Existing deployments can stay on Azure AI Search until you explicitly migrate:

RETRIEVAL_BACKEND=ai_search

If you need to keep a custom GPT-RAG ingestion pipeline, use the Foundry IQ searchIndex path. In that mode, GPT-RAG ingestion processes files, writes chunks to Azure AI Search, and Foundry IQ retrieves from that existing index.

The two backends

Backend What it uses Best for Operator impact
foundry_iq A Foundry IQ knowledge base hosted by Azure AI Search agentic retrieval. New GPT-RAG v3.0.2+ deployments. The default native Blob path is provisioned automatically by AI Landing Zone v2.1.2+.
ai_search The GPT-RAG Azure AI Search index, usually ragindex. Existing deployments that are not migrating yet, rollback, or compatibility scenarios. No migration required. Existing deployments can keep this setting until they migrate.
flowchart LR
  User[User asks a question] --> Orchestrator[GPT-RAG orchestrator]
  Orchestrator --> Choice{RETRIEVAL_BACKEND}
  Choice -->|ai_search| Search[GPT-RAG Azure AI Search index]
  Choice -->|foundry_iq| KB[Foundry IQ knowledge base]
  KB --> Blob[Default Blob path]
  KB --> Index[Custom ingestion path]
  Blob --> Documents[documents container]
  Index --> SearchIndex[Existing Azure AI Search index]

Foundry IQ setup choices

Foundry IQ has two setup choices:

Choice AILZ value What it means Use when
Default Blob path FOUNDRY_IQ_PATTERN=azureBlob Foundry IQ reads files directly from the documents container through a native Azure Blob Knowledge Source. Foundry IQ handles source ingestion, chunking, vectorization, index creation, and refresh. GPT-RAG ingestion is not used in this path. You want the default new deployment path and do not need a custom GPT-RAG ingestion pipeline.
Custom ingestion path FOUNDRY_IQ_PATTERN=searchIndex GPT-RAG ingestion processes files, writes chunks to Azure AI Search, and that existing index is registered as a Foundry IQ searchIndex knowledge source. You intentionally keep a custom GPT-RAG ingestion pipeline.

Use the custom ingestion path only when you intentionally keep document processing outside Foundry IQ. It keeps the GPT-RAG ingestion pipeline and index schema while routing retrieval through the Foundry IQ knowledge base.

Security modes

There are two security mechanisms. They solve different problems and should not be mixed up.

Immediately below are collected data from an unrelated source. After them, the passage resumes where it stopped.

(* Let $\mathcal{P}$ be a finite set of atomic propositions, $u \in (2^{\mathcal{P}})^\ast$, $v \in (2^{\mathcal{P}})^+$, $\rho$ a regular expression, $\varphi$ a PSL formula, $m$ the number of states of the minimal deterministic finite automaton over $2^{\mathcal{P}}$ recognizing $L(\rho)$, and $b = m+1$. Then for every $i$ with $0 \le i \le |uv|-1$: $uv^\omega[i,\infty) \models \rho \mapsto \varphi$ if and only if for all $j \in \mathbb{N}$ with $i < j < |u| + b|v|$, $uv^\omega[i,j) \vdash \rho$ implies $uv^\omega[j-1,\infty) \models \varphi$.
   Context: Words: for $\alpha = a_0a_1\ldots$ and $i\le j$, $\alpha[i,j) = a_i\ldots a_{j-1}$ ($\alpha[i,i)=\varepsilon$), $\alpha[i]=a_i$, $\alpha[i,\infty)=a_ia_{i+1}\ldots$; $uv^\omega = uvvv\ldots$. Regular expressions: atomic expressions $\xi ::= p \in \mathcal{P} \mid \lnot \xi \mid \xi \lor \xi$, with $[\![p]\!] = \{A \subseteq \mathcal{P} : p \in A\}$, $[\![\lnot\xi]\!] = 2^{\mathcal{P}} \setminus [\![\xi]\!]$, $[\![\xi_1 \lor \xi_2]\!] = [\![\xi_1]\!] \cup [\![\xi_2]\!]$. Regular expressions $\rho ::= \varepsilon \mid \xi \mid \rho + \rho \mid \rho \circ \rho \mid \rho^\ast$. Matching on infixes of a word $w$: $w[i,j) \vdash \varepsilon$ iff $j=i$; $w[i,j) \vdash \xi$ iff $j=i+1$ and $w[i] \in [\![\xi]\!]$; $w[i,j)\vdash \rho_1+\rho_2$ iff $w[i,j)\vdash\rho_1$ or $w[i,j)\vdash\rho_2$; $w[i,j)\vdash \rho_1\circ\rho_2$ iff there is $k\in\{i,\ldots,j\}$ with $w[i,k)\vdash\rho_1$ and $w[k,j)\vdash\rho_2$; $w[i,j)\vdash\rho^\ast$ iff $j=i$ or there is $k\in\{i+1,\ldots,j\}$ with $w[i,k)\vdash\rho$ and $w[k,j)\vdash\rho^\ast$. $L(\rho)=\{w\in(2^{\mathcal{P}})^\ast : w[0,|w|)\vdash\rho\}$. PSL formulas: $\varphi ::= p\in\mathcal{P} \mid \lnot\varphi \mid \varphi\lor\varphi \mid \mathbf{X}\varphi \mid \varphi\,\mathbf{U}\,\varphi \mid \rho\mapsto\varphi$, evaluated on $\alpha\in(2^{\mathcal{P}})^\omega$: $\alpha\models p$ iff $p\in\alpha[0]$; $\alpha\models\lnot\varphi$ iff not $\alpha\models\varphi$; $\alpha\models\varphi_1\lor\varphi_2$ iff $\alpha\models\varphi_1$ or $\alpha\models\varphi_2$; $\alpha\models\mathbf{X}\varphi$ iff $\alpha[1,\infty)\models\varphi$; $\alpha\models\varphi_1\mathbf{U}\varphi_2$ iff there is $j$ with $\alpha[j,\infty)\models\varphi_2$ and $\alpha[i,\infty)\models\varphi_1$ for all $i<j$; $\alpha\models\rho\mapsto\varphi$ iff for all $i\in\mathbb{N}\setminus\{0\}$, $\alpha[0,i)\vdash\rho$ implies $\alpha[i-1,\infty)\models\varphi$. *)

From mathcomp Require Import all_boot.
Set Implicit Arguments. Unset Strict Implicit. Unset Printing Implicit Defensive.

Section PSL.
Variable P : finType.

Definition letter := {set P}.
Definition oword := nat -> letter.

Inductive atom : Type :=
| AProp of P
| ANot of atom
| AOr of atom & atom.

Fixpoint atom_sem (x : atom) (A : letter) : bool :=
  match x with
  | AProp p => p \in A
  | ANot y => ~~ atom_sem y A
  | AOr y z => atom_sem y A || atom_sem z A
  end.

Inductive regex : Type :=
| REps
| RAtom of atom
| RPlus of regex & regex
| RCat of regex & regex
| RStar of regex.

(* w[i,j) |- rho, on a word given as a function of positions *)
Inductive rmatch (w : nat -> letter) : regex -> nat -> nat -> Prop :=
| M_eps i : rmatch w REps i i
| M_atom i x : atom_sem x (w i) -> rmatch w (RAtom x) i i.+1
| M_plusl i j r1 r2 : rmatch w r1 i j -> rmatch w (RPlus r1 r2) i j
| M_plusr i j r1 r2 : rmatch w r2 i j -> rmatch w (RPlus r1 r2) i j
| M_cat i k j r1 r2 : i <= k <= j -> rmatch w r1 i k -> rmatch w r2 k j ->
    rmatch w (RCat r1 r2) i j
| M_star0 i r : rmatch w (RStar r) i i
| M_starS i k j r : i + 1 <= k <= j -> rmatch w r i k -> rmatch w (RStar r) k j ->
    rmatch w (RStar r) i j.

(* finite word as a function (positions beyond the end are never inspected) *)
Definition fword (w : seq letter) : nat -> letter := fun n => nth set0 w n.

Definition lang (r : regex) (w : seq letter) : Prop := rmatch (fword w) r 0 (size w).

Inductive psl : Type :=
| FProp of P
| FNot of psl
| FOr of psl & psl
| FNext of psl
| FUntil of psl & psl
| FTrig of regex & psl.

Definition wsuffix (a : oword) (i : nat) : oword := fun n => a (i + n).

Fixpoint sat (a : oword) (f : psl) : Prop :=
  match f with
  | FProp p => p \in a 0
  | FNot g => ~ sat a g
  | FOr g h => sat a g \/ sat a h
  | FNext g => sat (wsuffix a 1) g
  | FUntil g h => exists j, sat (wsuffix a j) h /\ forall i, i < j -> sat (wsuffix a i) g
  | FTrig r g => forall i, 0 < i -> rmatch a r 0 i -> sat (wsuffix a i.-1) g
  end.

Definition lasso (u v : seq letter) : oword :=
  fun n => if n < size u then nth set0 u n else nth set0 v ((n - size u) %% size v).

Record dfa := DFA {
  dfa_state : finType;
  dfa_delta : dfa_state -> letter -> dfa_state;
  dfa_init : dfa_state;
  dfa_acc : pred dfa_state }.

Definition dfa_accepts (A : dfa) (w : seq letter) : bool :=
  @dfa_acc A (foldl (@dfa_delta A) (@dfa_init A) w).

Definition dfa_recognizes (A : dfa) (r : regex) : Prop :=
  forall w, dfa_accepts A w <-> lang r w.

Definition min_dfa_size (r : regex) (m : nat) : Prop :=
  (exists A : dfa, dfa_recognizes A r /\ #|dfa_state A| = m) /\
  (forall A : dfa, dfa_recognizes A r -> m <= #|dfa_state A|).

End PSL.

From mathcomp Require Import all_boot zify.
From Stdlib Require Import FunctionalExtensionality.
Set Implicit Arguments. Unset Strict Implicit.

(* Read from a position i < |u| + |v|, the lasso word uv^w is |v|-periodic after
   |u|, so a DFA with m states for L(rho) visits two equal states among the m + 1
   positions |u| + |v| + k|v| (k <= m); cutting the factor between them removes a
   positive multiple of |v| from a match of rho without affecting acceptance.
   Hence every match ending at or beyond |u| + b|v| can be shortened to one ending
   before that bound, by a multiple of |v| and at a position past |u|, where
   shifting by multiples of |v| leaves the suffix on which phi is evaluated
   unchanged. *)

Section RegexMatch.
Variable P : finType.
Implicit Types (w : nat -> letter P) (r : regex P).

Lemma rmatch_eq_on w (w' : nat -> letter P) r p q :
  rmatch w r p q -> (forall n, p <= n < q -> w n = w' n) -> rmatch w' r p q.
Proof.
elim=> {p q r} [i|i x wx|i j r1 r2 _ IH|i j r1 r2 _ IH|i k j r1 r2 ikj _ IH1 _ IH2
               |i r|i k j r ikj _ IH1 _ IH2] eq_w.
- exact: M_eps.
- by apply: M_atom; rewrite -eq_w //; lia.
- exact/M_plusl/IH.
- exact/M_plusr/IH.
- by apply: (M_cat ikj); [apply: IH1 | apply: IH2] => n n_in; apply: eq_w; lia.
- exact: M_star0.
- by apply: (M_starS ikj); [apply: IH1 | apply: IH2] => n n_in; apply: eq_w; lia.
Qed.

Lemma rmatch_wsuffixW w r c p q :
  rmatch (wsuffix w c) r p q -> rmatch w r (c + p) (c + q).
Proof.
elim=> {p q r} [i|i x wx|i j r1 r2 _ IH|i j r1 r2 _ IH|i k j r1 r2 ikj _ IH1 _ IH2
               |i r|i k j r ikj _ IH1 _ IH2].
- exact: M_eps.
- by rewrite addnS; apply: M_atom.
- exact: M_plusl.
- exact: M_plusr.
- by apply: (M_cat (k := c + k)) IH1 IH2; lia.
- exact: M_star0.
- by apply: (M_starS (k := c + k)) IH1 IH2; lia.
Qed.

Lemma rmatch_wsuffixE w r c p q :
  c <= p -> rmatch w r p q -> rmatch (wsuffix w c) r (p - c) (q - c).
Proof.
move=> + m; elim: m => {p q r} [i|i x wx|i j r1 r2 _ IH|i j r1 r2 _ IH
                              |i k j r1 r2 ikj _ IH1 _ IH2|i r|i k j r ikj _ IH1 _ IH2] ci.
- exact: M_eps.
- have -> : i.+1 - c = (i - c).+1 by lia.
  by apply: M_atom; rewrite /wsuffix subnKC.
- exact/M_plusl/IH.
- exact/M_plusr/IH.
- by apply: (M_cat (k := k - c)); [lia | apply: IH1 | apply: IH2; lia].
- exact: M_star0.
- by apply: (M_starS (k := k - c)); [lia | apply: IH1 | apply: IH2; lia].
Qed.

Lemma rmatch_wsuffix w r c p q :
  rmatch (wsuffix w c) r p q <-> rmatch w r (c + p) (c + q).
Proof.
split; first exact: rmatch_wsuffixW.
by move=> /(rmatch_wsuffixE (leq_addr p c)); rewrite !addKn.
Qed.

End RegexMatch.

Section Segments.
Variable P : finType.
Implicit Types (a : oword P) (r : regex P).

Definition segment a i j : seq (letter P) := [seq a n | n <- iota i (j - i)].

Lemma size_segment a i j : size (segment a i j) = j - i.
Proof. by rewrite size_map size_iota. Qed.

Lemma fword_segment a i j n : n < j - i -> fword (segment a i j) n = a (i + n).
Proof. by move=> n_lt; rewrite /fword (nth_map 0) ?size_iota // nth_iota. Qed.

Lemma segment_cat a i k j : i <= k <= j -> segment a i j = segment a i k ++ segment a k j.
Proof.
move=> ikj; rewrite /segment -map_cat; have -> : j - i = (k - i) + (j - k) by lia.
by rewrite iotaD; congr (map a (_ ++ iota _ _)); lia.
Qed.

Lemma rmatch_segment a r i j : i <= j -> rmatch a r i j <-> lang r (segment a i j).
Proof.
move=> ij; rewrite /lang size_segment.
have shift := rmatch_wsuffix a r i 0 (j - i); rewrite addn0 subnKC // in shift.
apply: iff_trans (iff_sym shift) _.
by split=> m; apply: (rmatch_eq_on m) => n /andP[_ n_lt]; rewrite fword_segment.
Qed.

Definition periodic_from a x0 d := forall n, x0 <= n -> a (n + d) = a n.

Lemma periodic_fromM a x0 d k : periodic_from a x0 d -> periodic_from a x0 (k * d).
Proof.
move=> per; elim: k => [|k IH] n x0n; first by rewrite addn0.
by rewrite mulSn addnA IH ?per //; lia.
Qed.

Lemma segment_periodic a x0 d i j :
  periodic_from a x0 d -> x0 <= i -> segment a (i + d) (j + d) = segment a i j.
Proof.
move=> per; rewrite /segment subnDr; move: (j - i) => n.
elim: n i => //= n IH i x0i.
by rewrite per // -addSn IH //; lia.
Qed.

Lemma wsuffixD a i k : wsuffix (wsuffix a i) k = wsuffix a (i + k).
Proof. by apply: functional_extensionality => n; rewrite /wsuffix addnA. Qed.

Lemma wsuffix_periodic a x0 d n :
  periodic_from a x0 d -> x0 <= n -> wsuffix a (n + d) = wsuffix a n.
Proof.
move=> per x0n; apply: functional_extensionality => k.
by rewrite /wsuffix addnAC per //; lia.
Qed.

Lemma lasso_periodic (u v : seq (letter P)) :
  periodic_from (lasso u v) (size u) (size v).
Proof.
move=> n un; rewrite /lasso !ifF; try lia.
by rewrite -addnBAC // -modnDmr modnn addn0.
Qed.

Lemma dfa_accepts_segment (A : dfa P) r a i j :
  dfa_recognizes A r -> i <= j -> dfa_accepts A (segment a i j) <-> rmatch a r i j.
Proof. by move=> recA ij; rewrite rmatch_segment //; apply: recA. Qed.

End Segments.

Section Pumping.
Variables (P : finType) (A : dfa P) (a : oword P) (x0 d : nat).
Hypotheses (per : periodic_from a x0 d) (d_gt0 : 0 < d).

Lemma dfa_accepts_cut_loop (w1 w2 w3 : seq (letter P)) :
  foldl (@dfa_delta _ A) (dfa_init A) (w1 ++ w2) = foldl (@dfa_delta _ A) (dfa_init A) w1 ->
  dfa_accepts A (w1 ++ w2 ++ w3) = dfa_accepts A (w1 ++ w3).
Proof. by move=> loop; rewrite /dfa_accepts catA foldl_cat loop foldl_cat. Qed.

Lemma dfa_accepts_pump i j :
  i <= x0 -> x0 + #|dfa_state A| * d <= j -> dfa_accepts A (segment a i j) ->
  exists k, [/\ 0 < k, x0 + k * d <= j & dfa_accepts A (segment a i (j - k * d))].
Proof.
move=> ix0 big acc.
pose state (k : 'I_#|dfa_state A|.+1) :=
  foldl (@dfa_delta _ A) (dfa_init A) (segment a i (x0 + k * d)).
have /injectivePn[s [t neq_st eq_st]] : ~~ injectiveb state.
  by apply/injectiveP => /leq_card; rewrite card_ord ltnn.
wlog lt_st : s t {neq_st} eq_st / s < t.
  move=> gen; case: (ltngtP s t) => [|lt_ts|/val_inj eq_st'].
  - exact: gen.
  - exact: gen (esym eq_st) lt_ts.
  - by rewrite eq_st' eqxx in neq_st.
have le_st : s * d <= t * d by rewrite leq_mul2r ltnW ?orbT.
have le_t : t * d <= #|dfa_state A| * d by rewrite leq_mul2r -ltnS ltn_ord orbT.
exists (t - s); split; [by rewrite subn_gt0 | by rewrite mulnBl; lia | move: acc].
set x1 := x0 + s * d; set x2 := x0 + t * d; set j' := j - (t - s) * d.
have -> : segment a i j = segment a i x1 ++ segment a x1 x2 ++ segment a x2 j.
  by rewrite -!segment_cat //; lia.
have -> : segment a x2 j = segment a x1 j'.
  have shift := segment_periodic j' (periodic_fromM (t - s) per) (leq_addr _ x0 : x0 <= x1).
  by rewrite -shift; congr segment; rewrite mulnBl; lia.
rewrite dfa_accepts_cut_loop; last by rewrite -segment_cat ?eq_st //; lia.
by rewrite -segment_cat //; lia.
Qed.

Lemma dfa_accepts_bounded i j :
  i <= x0 -> x0 <= j -> dfa_accepts A (segment a i j) ->
  exists j' k, [/\ x0 <= j' < x0 + #|dfa_state A| * d, j = j' + k * d &
                   dfa_accepts A (segment a i j')].
Proof.
move=> ix0; elim/ltn_ind: j => j IH x0j acc.
case: (ltnP j (x0 + #|dfa_state A| * d)) => [small | big].
  by exists j, 0; rewrite addn0 x0j small.
have [k [k_gt0 kdj acc']] := dfa_accepts_pump ix0 big acc.
have kd_gt0 : 0 < k * d by rewrite muln_gt0 k_gt0.
have [||j' [k' [j'_in jE acc'']]] := IH _ _ _ acc'; try lia.
exists j', (k' + k); split => //; rewrite mulnDl; lia.
Qed.

End Pumping.

Theorem lemma3 (P : finType) (u v : seq {set P}) (rho : regex P) (phi : psl P)
  (m : nat) :
  0 < size v ->
  min_dfa_size rho m ->
  let b := m.+1 in
  forall i, i <= size (u ++ v) - 1 ->
    (sat (wsuffix (lasso u v) i) (FTrig rho phi) <->
     (forall j, i < j < size u + b * size v ->
        rmatch (lasso u v) rho i j -> sat (wsuffix (lasso u v) j.-1) phi)).
Proof.
move=> v_gt0 [[A [recA cardA]] _] b i; rewrite size_cat => i_le.
have i_lt : i < size u + size v by lia.
have per : periodic_from (lasso u v) (size u) (size v) by exact: lasso_periodic.
split=> [trig j /andP[ij _] mij | bounded k k_gt0 /rmatch_wsuffix].
  have := trig (j - i); rewrite wsuffixD rmatch_wsuffix addn0 subnKC ?(ltnW ij) //.
  have -> : i + (j - i).-1 = j.-1 by lia.
  by apply=> //; lia.
rewrite addn0 wsuffixD => mik.
have -> : i + k.-1 = (i + k).-1 by lia.
case: (ltnP (i + k) (size u + b * size v)) => [small | big].
  by apply: bounded mik; lia.
have per' : periodic_from (lasso u v) (size u + size v) (size v).
  by move=> n n_ge; apply: per; lia.
have [||j' [l [j'_in jE acc]]] := dfa_accepts_bounded per' v_gt0 (ltnW i_lt) _
  ((dfa_accepts_segment _ recA _).2 mik); try lia.
rewrite jE (_ : (j' + l * size v).-1 = j'.-1 + l * size v); last by lia.
rewrite (wsuffix_periodic (periodic_fromM _ per)); last by lia.
apply: bounded; last by apply/(dfa_accepts_segment _ recA); lia.
rewrite cardA in j'_in; lia.
Qed.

Security mode Used by How it is enforced
Native ingested permissions The default Blob path and other sources that ingest permissions, such as Azure Blob RBAC scope, ADLS Gen2 ACLs, SharePoint, OneLake/Fabric, or Purview labels. The orchestrator forwards the user's delegated Search token in x-ms-query-source-authorization. Foundry IQ evaluates the ingested permissions.
GPT-RAG security fields The custom ingestion path with the existing GPT-RAG index. The orchestrator sends an OData filterAddOn over GPT-RAG security fields. This is separate from the OBO header.

Important rules:

  • Plain Blob storage provides container-level RBAC for this purpose. Do not rely on it for per-document trimming unless you use Purview labels or an equivalent permission source.
  • ADLS Gen2 ACLs, SharePoint, OneLake/Fabric, and Purview labels can support per-document permission trimming when native permission ingestion is configured.
  • The custom ingestion path uses the existing GPT-RAG index registered as a searchIndex knowledge source. GPT-RAG security fields are enforced through filterAddOn, not through x-ms-query-source-authorization.
  • The x-ms-query-source-authorization header is for native ingested permissions.
  • Per-user security uses the 2026-05-01-preview Azure AI Search API.
  • Security-enabled retrieval must fail closed. Missing token, filter, or permission configuration should be treated as an error, not as permission to run an unfiltered query.

Configuration settings

All runtime settings are stored in Azure App Configuration with the gpt-rag label, or supplied as container environment variables when you use the containerEnv runtime mode.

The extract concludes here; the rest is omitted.